I always imagine it like this:
Them: "This plan gives you up to 23mb/s."
Me: "So you're saying you guarantee I will not get more than 23mb/s?"
Them: "Right."
Me: "OK. I'll pay you up to $40 a month for that."
Same for "Unlimited" when it actually has clear limits. Or camera manufacturers sell "Weather resistant" equipment but never specify what it means exactly and will void your warranty if there is water damage.
Tangentially related: We used to have a bunch of "$2 Shop" stores - I think other countries have the equivalent "dollar store", "pound shop" etc. Due to inflation they've all now become "$2+ Dollar" shops or "$2 and up" etc.
In reality of course they still sell the same sort of cheap stuff but it's funny how the name has gone from a shop that guarantees cheap prices, to one that guarantees not to be really cheap, since any price is now valid except ones below $2.
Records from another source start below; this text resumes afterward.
Lemma continuous_sqnormB (y : vec) : continuous (fun w : vec => sqnorm (w - y)).
Proof.
apply: continuous_sum => i x.
have coord_cont : {for x, continuous (fun w : vec => (w - y) 0 i)}.
  rewrite (_ : (fun w : vec => _) = (fun w : vec => w 0 i) - (fun=> y 0 i)).
    by apply: continuousB; [exact: coord_continuous | exact: cst_continuous].
  by apply: funext => w; rewrite !mxE.
exact: continuousM.
Qed.

(* Outside the ball of radius |x0| + sqrt (a / b) around 0, phi exceeds phi x0,
   so it suffices to minimize over the compact part of X inside that ball. *)
Lemma coercive_argmin_exists (X : set vec) (phi : vec -> R) (x0 : vec) (a b : R) :
  closed X -> X x0 -> (forall x, X x -> {for x, continuous phi}) ->
  0 < b -> 0 <= a ->
  (forall w, X w -> phi x0 - a + b * sqnorm (w - x0) <= phi w) ->
  exists z, argmin_on X phi z.
Proof.
move=> X_closed Xx0 phi_cont b_gt0 a_ge0 coercive.
set M := `|x0| + Num.sqrt (a / b).
set S := X `&` closed_ball_ Num.norm (0 : vec) M.
have Sx0 : S x0.
  by split => //; rewrite /closed_ball_ /= sub0r normrN /M lerDl sqrtr_ge0.
have S_compact : compact S.
  apply: bounded_closed_compact; last first.
    by apply: closedI => //; exact: closed_closed_ball_.
  exists M; split; first by rewrite num_real.
  move=> M' M_lt w [_]; rewrite /closed_ball_ /= sub0r normrN => w_le.
  by rewrite /= (le_trans w_le) // ltW.
have phi_contS : {within S, continuous phi}.
  by apply: continuous_in_subspaceT => x /set_mem [Xx _]; exact: phi_cont.
have [c /set_mem [Xc _] c_min] := EVT_min_rV (ex_intro _ x0 Sx0) S_compact phi_contS.
exists c; split => // w Xw.
have [w_le|w_gt] := leP `|w| M.
  apply: c_min; apply/mem_set; split => //.
  by rewrite /closed_ball_ /= sub0r normrN.
apply: (le_trans (c_min x0 (mem_set Sx0))).
have far : Num.sqrt (a / b) < Num.sqrt (sqnorm (w - x0)).
  apply: (lt_le_trans _ (mx_norm_le_sqrt_sqnorm _)).
  have : `|w| <= `|x0| + `|w - x0| by rewrite -[X in `|X|](subrKC x0 w) ler_normD.
  by rewrite /M in w_gt; lra.
have w_far : 0 < sqnorm (w - x0).
  by rewrite -sqrtr_gt0; apply: le_lt_trans far; exact: sqrtr_ge0.
rewrite ltr_sqrt // in far.
have : a < b * sqnorm (w - x0) by rewrite -ltr_pdivrMl // mulrC.
by have := coercive w Xw; lra.
Qed.

Lemma proj_argmin (X : set vec) (y : vec) : closed X -> X !=set0 ->
  argmin_on X (fun z => enorm (z - y)) (Defs.proj X y).
Proof.
move=> X_closed [x0 Xx0]; rewrite /Defs.proj; apply: xgetPex.
have [z [Xz z_min]] : exists z, argmin_on X (fun w => sqnorm (w - y)) z.
  apply: (@coercive_argmin_exists _ _ x0 (2 * sqnorm (x0 - y)) 2^-1 X_closed Xx0).
  - by move=> x _; exact: continuous_sqnormB.
  - by rewrite invr_gt0.
  - by rewrite mulr_ge0 // sqnorm_ge0.
  move=> w _ /=; have := sqnormD_le2 (w - y) (y - x0).
  by rewrite [_ + (y - x0)]addrA subrK (sqnormBC y); lra.
by exists z; split => // w Xw; rewrite /enorm ler_sqrt ?sqnorm_ge0 // z_min.
Qed.

Lemma proj_in (X : set vec) (y : vec) : closed X -> X !=set0 -> X (Defs.proj X y).
Proof. by move=> X_closed X_nonempty; have [] := proj_argmin y X_closed X_nonempty. Qed.

(* Moving from p = proj X y towards z in X cannot decrease the distance to y. *)
Lemma proj_variational (X : set vec) (y : vec) :
  closed X -> X !=set0 -> convex_set_of X ->
  forall z, X z -> 0 <= dotp (Defs.proj X y - y) (z - Defs.proj X y).
Proof.
move=> X_closed X_nonempty X_convex z Xz.
have [Xp p_min] := proj_argmin y X_closed X_nonempty.
set p := Defs.proj X y in Xp p_min *.
apply: (@ge0_of_perturb _ _ (sqnorm (z - p) / 2) _ ltr01) => l l_gt0 l_lt1.
have : enorm (p - y) <= enorm (l *: z + (1 - l) *: p - y).
  by apply: p_min; apply: X_convex => //; apply/andP; split; lra.
have -> : l *: z + (1 - l) *: p - y = (p - y) + l *: (z - p).
  by apply/rowP => i; rewrite !mxE; ring.
rewrite /enorm ler_sqrt ?sqnorm_ge0 // [X in _ <= X]sqnormD dotpZr sqnormZ => h.
have : 0 <= (2 * l) * (dotp (p - y) (z - p) + l * (sqnorm (z - p) / 2)) by lra.
by rewrite pmulr_rge0 // mulr_gt0.
Qed.

Lemma interior_argmin_grad_eq0 (X : set vec) (phi : vec -> R) (z : vec) (L : R) :
  interior X z -> argmin_on X phi z ->
  (forall w, X w -> phi w - phi z - dotp (grad phi z) (w - z) <= L / 2 * sqnorm (w - z)) ->
  forall v, dotp (grad phi z) v = 0.
Proof.
move=> z_int [_ z_min] smooth.
suff dir_ge0 : forall v, 0 <= dotp (grad phi z) v.
  by move=> v; apply/eqP; rewrite eq_le dir_ge0 andbT -oppr_ge0 -dotpNr dir_ge0.
move=> v; move/nbhs_ballP: z_int => [e /= e_gt0 z_ball].
have v1_gt0 : 0 < `|v| + 1 by rewrite ltr_wpDl.
apply: (@ge0_of_perturb _ _ (L / 2 * sqnorm v) _ (divr_gt0 e_gt0 v1_gt0)).
move=> s s_gt0 s_lt.
have Xw : X (z + s *: v).
  apply: z_ball; rewrite -ball_normE /ball_ /= opprD addrA subrr sub0r normrN.
  rewrite normrZ gtr0_norm //; rewrite ltr_pdivlMr // mulrDr mulr1 in s_lt.
  by apply: le_lt_trans s_lt; rewrite lerDl ltW.
have := z_min _ Xw; have := smooth _ Xw.
rewrite (addrC z) addrK dotpZr sqnormZ => h1 h2.
have : 0 <= s * (dotp (grad phi z) v + s * (L / 2 * sqnorm v)) by lra.
by rewrite pmulr_rge0.
Qed.

(* Combine the variational inequality of the projection, the upper bound on phi
   at the new point and the quadratic growth of phi around its minimizer z. *)
Lemma proj_grad_step_contract (X : set vec) (phi : vec -> R) (mu L : R) (z x : vec) :
  closed X -> X !=set0 -> convex_set_of X -> 0 < mu -> mu <= L ->
  (forall x y, X x -> X y ->
     mu / 2 * sqnorm (y - x) <= phi y - phi x - dotp (grad phi x) (y - x) /\
     phi y - phi x - dotp (grad phi x) (y - x) <= L / 2 * sqnorm (y - x)) ->
  X z -> (forall w, X w -> phi z + mu / 2 * sqnorm (w - z) <= phi w) -> X x ->
  sqnorm (Defs.proj X (x - L^-1 *: grad phi x) - z) <= (L - mu) / (L + mu) * sqnorm (x - z).
Proof.
move=> X_closed X_nonempty X_convex mu_gt0 mu_le_L sandwich Xz z_min Xx.
have L_gt0 : 0 < L := lt_le_trans mu_gt0 mu_le_L.
set g := grad phi x; set p := Defs.proj X _.
have Xp : X p := proj_in _ X_closed X_nonempty.
have VI : 0 <= L * dotp (p - x) (z - p) + dotp g (z - p).
  have := proj_variational (x - L^-1 *: g) X_closed X_nonempty X_convex Xz.
  rewrite -/p (_ : p - (x - L^-1 *: g) = (p - x) + L^-1 *: g); last first.
    by apply/rowP => i; rewrite !mxE; ring.
  rewrite dotpDl dotpZl -(pmulr_rge0 _ L_gt0) mulrDr mulrA mulfV ?gt_eqF //.
  by rewrite mul1r.
have [_ up_p] := sandwich x p Xx Xp.
have [low_z _] := sandwich x z Xx Xz.
have z_p := z_min p Xp.
have split_zx : z - x = (p - x) + (z - p) by rewrite [X in _ = X]addrC addrA subrK.
have gE : dotp g (z - x) = dotp g (p - x) + dotp g (z - p) by rewrite -dotpDr -split_zx.
have nE : sqnorm (z - x) = sqnorm (p - x) + 2 * dotp (p - x) (z - p) + sqnorm (p - z).
  by rewrite -(sqnormBC z p) -sqnormD -split_zx.
rewrite nE in low_z.
have key : (L + mu) * sqnorm (p - z) <= (L - mu) * sqnorm (x - z).
  by rewrite (sqnormBC x) nE; nra.
by rewrite mulrAC ler_pdivlMr ?addr_gt0 // mulrC.
Qed.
As someone with a company in the ISP space, this is awesome news.
One of the biggest problems in marketing that our team has come across, particularly in consumer broadband, is that as a company attempting to be open and honest about speeds and pricing, it can be hard to compete with the older players using bamboozling pricing and inflated speed claims to trick consumers thinking that they are giving a better deal.
These restrictions will level the playing field in the right direction for a more informed and better served consumer.
At a time of some very bad calls around internet legislation in the UK, this is finally a decision I think we can all applaud.
In a weird way, this is the same problem that banks face.
Fractional reserve banking is actually in society's best interests: it's fine if the bank takes $100 in deposits, then loans out $80 or $90, rather than just having the money sitting in a vault doing nothing.
In the same way, it's probably better for the overall efficiency of communications for ISPs to oversell capacity and then allow bursting on top, rather than not overselling and wasting bandwidth when there's no congestion.
They face the same problem though: banks have an incentive to lower reserves until the smallest shock will bankrupt them, and ISPs make more money by overselling past what is wise or reasonable.
Same solution: for banks we regulate margin requirements, and for ISPs we should regulate how much they can oversell.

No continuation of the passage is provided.